Повелитель опустился перед ним на колени, сложил на груди руки, склонил голову. Только тогда старец, похожий на дремавшего одряхлевшего беркута, приподнял веко, повел зрачком. Потом он, точно очнувшись, выпрямился, поднял голову, старческим, надтреснутым голосом проговорил слова вежливости. Повелитель коротко и откровенно, как на исповеди, поведал ему обо всем. Старец выслушал его не перебивая, не шелохнувшись, с нескрываемым холодком. В уголках тонких, лиловых, дряблых губ под крупным хрящеватым носом с вывернутыми ноздрями несколько раз едва заметно пробегала язвительная ухмылка. И каждый раз, уловив ее. Повелитель прерывал свой горестный рассказ, и тогда мудрец шире открывал по-старчески мутные, бесцветные глаза, в глубине которых мерцал тусклый свет, похожий на блики луны в стылой лужице. Повелитель рассказал про недавний свой сон и неожиданную встречу с тигром во время охоты и умолк в ожидании ответа святого сеида.

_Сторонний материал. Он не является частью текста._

Lemma csum_scons (X : Type) (F : (nat -> X) -> T) :
  csum (nat -> X) F = csum X (fun x => csum (nat -> X) (fun f => F (scons x f))).
Proof.
rewrite -(csum_pair (fun xf => F (scons xf.1 xf.2))).
apply: (csum_bij (f := fun g => (g 0%N, fun t => g t.+1))).
- by move=> g; apply: functional_extensionality => -[].
- by case.
Qed.

End CompleteMonoid.

Lemma catIs (T : Type) (r : seq T) : injective (cat^~ r).
Proof.
move=> u v euv; have size_uv : size u = size v.
  by move/(congr1 size): euv; rewrite !size_cat => /addIn.
by rewrite -(take_size_cat r size_uv) euv take_size_cat.
Qed.

Lemma cons_cat_neq (T : eqType) (c : T) (u r : seq T) : (c :: u) ++ r != r.
Proof.
apply/eqP => /(congr1 size)/eqP.
by rewrite /= size_cat -addSn -{2}[size r]add0n eqn_add2r.
Qed.

Section PushdownMatrix.
Variables (S : pzSemiRingType) (n : nat) (Gamma : finType).
Variable M : seq Gamma -> seq Gamma -> 'M[S]_n.
Hypothesis HM : pushdown_matrix M.

Lemma pdm_nil (s : seq Gamma) : M [::] s = 0.
Proof. by case: HM => _ ->. Qed.

Lemma pdm_cons (q : Gamma) (a s : seq Gamma) :
  M (q :: a) s = if suffix a s then M [:: q] (take (size s - size a) s) else 0.
Proof. by case: HM => _ ->. Qed.

Lemma pdm_cons_suffixN (q : Gamma) (a s : seq Gamma) : ~~ suffix a s -> M (q :: a) s = 0.
Proof. by rewrite pdm_cons => /negbTE ->. Qed.

Lemma pdm_cat (a b r : seq Gamma) : a != [::] -> M (a ++ r) (b ++ r) = M a b.
Proof.
case: a => [//|q a] _; rewrite cat_cons (pdm_cons q (a ++ r)) (pdm_cons q a).
rewrite suffix_catl // eqxx /=.
by case: ifP => // _; rewrite !size_cat subnDr takel_cat // leq_subr.
Qed.

Lemma pdm_suffix (a r s : seq Gamma) : a != [::] -> M (a ++ r) s != 0 -> exists u, s = u ++ r.
Proof.
case: a => [//|q a] _; rewrite cat_cons pdm_cons.
case: suffixP => [[u ->] _|]; last by rewrite eqxx.
by exists (u ++ a); rewrite catA.
Qed.

End PushdownMatrix.

Section CompleteSemiring.
Variables (S : pzSemiRingType) (csS : forall I : Type, (I -> S) -> S).
Arguments csS : clear implicits.
Hypothesis HS : complete_semiring_axioms csS.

Старец молчал, думал, скашивал пытливый взгляд на Повелителя. После долгой паузы прошамкал:
– Всемогущий создатель, священные духи и святые заступники не выказывают открыто своих желаний. Они лишь сочувствуют, сострадают, сожалеют верным и покорным рабам своим. И намеками наставляют заблудших на путь праведный. И знак их – что посох в руках слепца. Должно быть, сын мой, отпугнул ты духов, прогневил святых заступников. Подумай!..
И больше не проронил ни слова. Раза два ткнул острием посоха в рыхлую супесь, вытянул тонкую морщинистую шею, устремил мутный взор к закату. Намек был ясен: святой старец сказал все, что посчитал нужным, а остальное пусть решает сам Повелитель. Сеид всегда был немногословен и суров, но сегодня от него повеяло еще холодным высокомерием. Это настораживало. Каждый его жест, каждый взгляд больно отзывался в душе Повелителя. Но он старался скрыть душевное смятение, сдержанно поклонился и направился к тропинке. Сеид не поглядел даже вслед. Вновь погрузился в свои думы. И советом не поделился, и благословения не дал. Раньше, случалось, он сочувствовал ему, жалел, по-отцовски проводил ладонью но лбу. На этот раз на лице Сеида он заметил только надменность, неприступность и старческую сварливость.
Спуск по крутому склону показался сегодня трудным, как никогда. Повелитель торопился покинуть эту суровую, сумрачную горную обитель. Дойдя до подножия, он оглянулся и увидел черную мрачную скалу, которая как бы замкнулась, затаилась под его взором. Он сел в повозку и до самого дворца старался ничего вокруг не замечать.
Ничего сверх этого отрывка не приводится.